The FDA granted breakthrough device designation to the NeuroStar Advanced Therapy System for the treatment of bipolar depression, according to a press release from Neuronetics Inc., the device’s manufacturer.

The system uses transcranial magnetic stimulation (TMS), a noninvasive form of neuromodulation, to stimulate areas of the brain that are underactive in depression. It is the first TMS device to receive the breakthrough device designation for bipolar depression. The designation applies specifically to adult patients with bipolar I or II disorders who failed to show satisfactory improvement with prior pharmacological therapy.
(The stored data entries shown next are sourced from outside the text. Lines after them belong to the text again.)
(* Let $X=\mathrm{tv}(b_0,\dots,b_l)$ be a smooth complete toric surface with $b_0<0$ and $l>2$, with rays $\rho_0,\dots,\rho_l$ as below. Let $\alpha$ be the unique index with $1<\alpha<l$ such that $\rho_\alpha=-\rho_0$ (equivalently, the continued fraction $[b_1,\dots,b_{\alpha-1}]$ is well defined and equals $0$), and put $\gamma=\sum_{i=1}^{\alpha-1}(3-b_i)-3$. Then $\gamma\ge0$, $b_0+b_\alpha-\gamma\ge0$, and for every $R\in(\mathbb Z^2)^*$ with $\langle\rho_\alpha,R\rangle=1$ one has $\langle\rho_{\alpha-1},R\rangle-\langle\rho_1,R\rangle=\gamma$.
   Context: For integers $b_0,\dots,b_l$, $\mathrm{tv}(b_0,\dots,b_l)$ denotes the smooth complete toric surface whose fan in $\mathbb Z^2\otimes\mathbb Q$ has rays with primitive generators $\rho_0,\dots,\rho_l$ in cyclic order (indices mod $l+1$), satisfying $b_i\rho_i=\rho_{i-1}+\rho_{i+1}$; equivalently, $-b_i$ is the self-intersection number of the invariant prime divisor corresponding to $\rho_i$. The continued fraction is defined by $[c_k]=c_k$ and $[c_1,\dots,c_k]=c_1-1/[c_2,\dots,c_k]$ when no division by zero occurs. *)

From HB Require Import structures.
From mathcomp Require Import all_boot all_order all_algebra.
Set Implicit Arguments. Unset Strict Implicit. Unset Printing Implicit Defensive.
Import Order.TTheory GRing.Theory Num.Theory.
Local Open Scope ring_scope.

(* vectors of Z^2 and of its dual (Z^2)^* *)
Definition vec2 := (int * int)%type.

Definition det2 (u v : vec2) : int := u.1 * v.2 - u.2 * v.1.

Definition pair2 (v R : vec2) : int := v.1 * R.1 + v.2 * R.2.

Definition vadd (u v : vec2) : vec2 := (u.1 + v.1, u.2 + v.2).
Definition vscale (c : int) (u : vec2) : vec2 := (c * u.1, c * u.2).
Definition vopp (u : vec2) : vec2 := (- u.1, - u.2).

Definition cyc (l i : nat) : nat := (i %% l.+1)%N.

(* [is_tv l b rho]: the vectors rho 0, ..., rho l are the primitive ray
   generators, in counterclockwise cyclic order, of a smooth complete fan
   in Z^2 (the fan of tv(b_0,...,b_l)), i.e.
   - consecutive rays form a positively oriented lattice basis
     (smoothness; implies primitivity), indices mod l+1;
   - the 2-dimensional cones cone(rho_i, rho_{i+1}) cover Z^2 (completeness)
     and have pairwise disjoint interiors (so they form a fan);
   - b_i rho_i = rho_{i-1} + rho_{i+1} for 0 <= i <= l (indices mod l+1). *)
Definition is_tv (l : nat) (b : nat -> int) (rho : nat -> vec2) : Prop :=
  let r := fun i => rho (cyc l i) in
  [/\ (forall i : nat, det2 (r i) (r i.+1) = 1),
      (forall v : vec2, exists i : nat,
          [/\ (i < l.+1)%N, 0 <= det2 v (r i.+1) & 0 <= det2 (r i) v]),
      (forall (v : vec2) (i j : nat), (i < l.+1)%N -> (j < l.+1)%N ->
          0 < det2 v (r i.+1) -> 0 < det2 (r i) v ->
          0 < det2 v (r j.+1) -> 0 < det2 (r j) v -> i = j)
    & (forall i : nat, (i < l.+1)%N ->
          vscale (b i) (r i) = vadd (r (i + l)%N) (r i.+1))].
(* For every positive integer $N$, the space of slab tilings of the box $[0,4]\times[0,4]\times[0,N]$ has exactly one connected component under flips.
   Context: A slab is a $2\times2\times1$ box (any orientation) which is a union of four unit cubes $[x,x+1]\times[y,y+1]\times[z,z+1]$, $(x,y,z)\in\mathbb{Z}^3$. A flip takes two slabs whose union is a $2\times2\times2$ cube and replaces them by one of the two other pairs of slabs tiling that cube. Flip components are the connected components of the graph whose vertices are the slab tilings and whose edges join tilings differing by one flip. *)

From mathcomp Require Import all_boot.
From Stdlib Require Import Relation_Operators.
Set Implicit Arguments. Unset Strict Implicit. Unset Printing Implicit Defensive.

(* Unit cubes of the box [0,4]x[0,4]x[0,N]: the cube [x,x+1]x[y,y+1]x[z,z+1]
   is identified with its corner (x,y,z), x<4, y<4, z<N. *)
Definition cell (N : nat) : finType := ('I_4 * 'I_4 * 'I_N)%type.

Definition cx N (c : cell N) : nat := c.1.1.
Definition cy N (c : cell N) : nat := c.1.2.
Definition cz N (c : cell N) : nat := c.2.

Definition box_cells N (x0 y0 z0 a b c : nat) : {set cell N} :=
  [set q : cell N | [&& x0 <= cx q < x0 + a, y0 <= cy q < y0 + b
                      & z0 <= cz q < z0 + c]].

Definition box_inside N (x0 y0 z0 a b c : nat) : bool :=
  [&& x0 + a <= 4, y0 + b <= 4 & z0 + c <= N].

Definition is_slab N (S : {set cell N}) : Prop :=
  exists x0 y0 z0 a b c,
    [|| [&& a == 2, b == 2 & c == 1], [&& a == 2, b == 1 & c == 2]
      | [&& a == 1, b == 2 & c == 2]] /\
    box_inside N x0 y0 z0 a b c /\ S = box_cells N x0 y0 z0 a b c.

Definition is_cube2 N (S : {set cell N}) : Prop :=
  exists x0 y0 z0, box_inside N x0 y0 z0 2 2 2 /\ S = box_cells N x0 y0 z0 2 2 2.

Definition is_tiling N (T : {set {set cell N}}) : Prop :=
  partition T [set: cell N] /\ forall S, S \in T -> is_slab S.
“Bipolar disorder affects approximately 6.5 million to 7 million U.S. adults annually,” Yelena Tropsha, PhD, vice president of commercial access for Neuronetics Inc., told Healio Psychiatry. “Of them, approximately 61% receive an accurate and formal diagnosis. NeuroStar will target patients actively treated for the depressive phase for whom current pharmacological treatment options are failing, which we estimate to be approximately 480,000 U.S. patients annually.”

In 2008, the system became the first TMS device to receive FDA clearance for adults with major depressive disorder who had not seen success with at least one antidepressant medication.

According to Tropsha, prior therapies typically have focused on treating the mania and hypomania phase of bipolar disorder, and only a few medications have been approved for the depression phase. With this designation, the NeuroStar may provide more effective treatment to this patient population with limited safety concerns, Tropsha said.

“Neuronetics is working with the FDA on the clinical protocol, so the timing is still to be determined to begin enrollment for a clinical trial in bipolar depression,” Tropsha told Healio Psychiatry. “NeuroStar is currently FDA-cleared for unipolar major depression in adults and is widely available throughout the country. Since receiving FDA clearance in 2008, over 75,000 patients with depression have been treated with NeuroStar, with over 2.5 million treatments performed. NeuroStar for depression is covered by most major insurance providers, including Medicare and Tricare.” – by Joe Gramigna

Disclosures: Tropsha is an employee of Neuronetics Inc.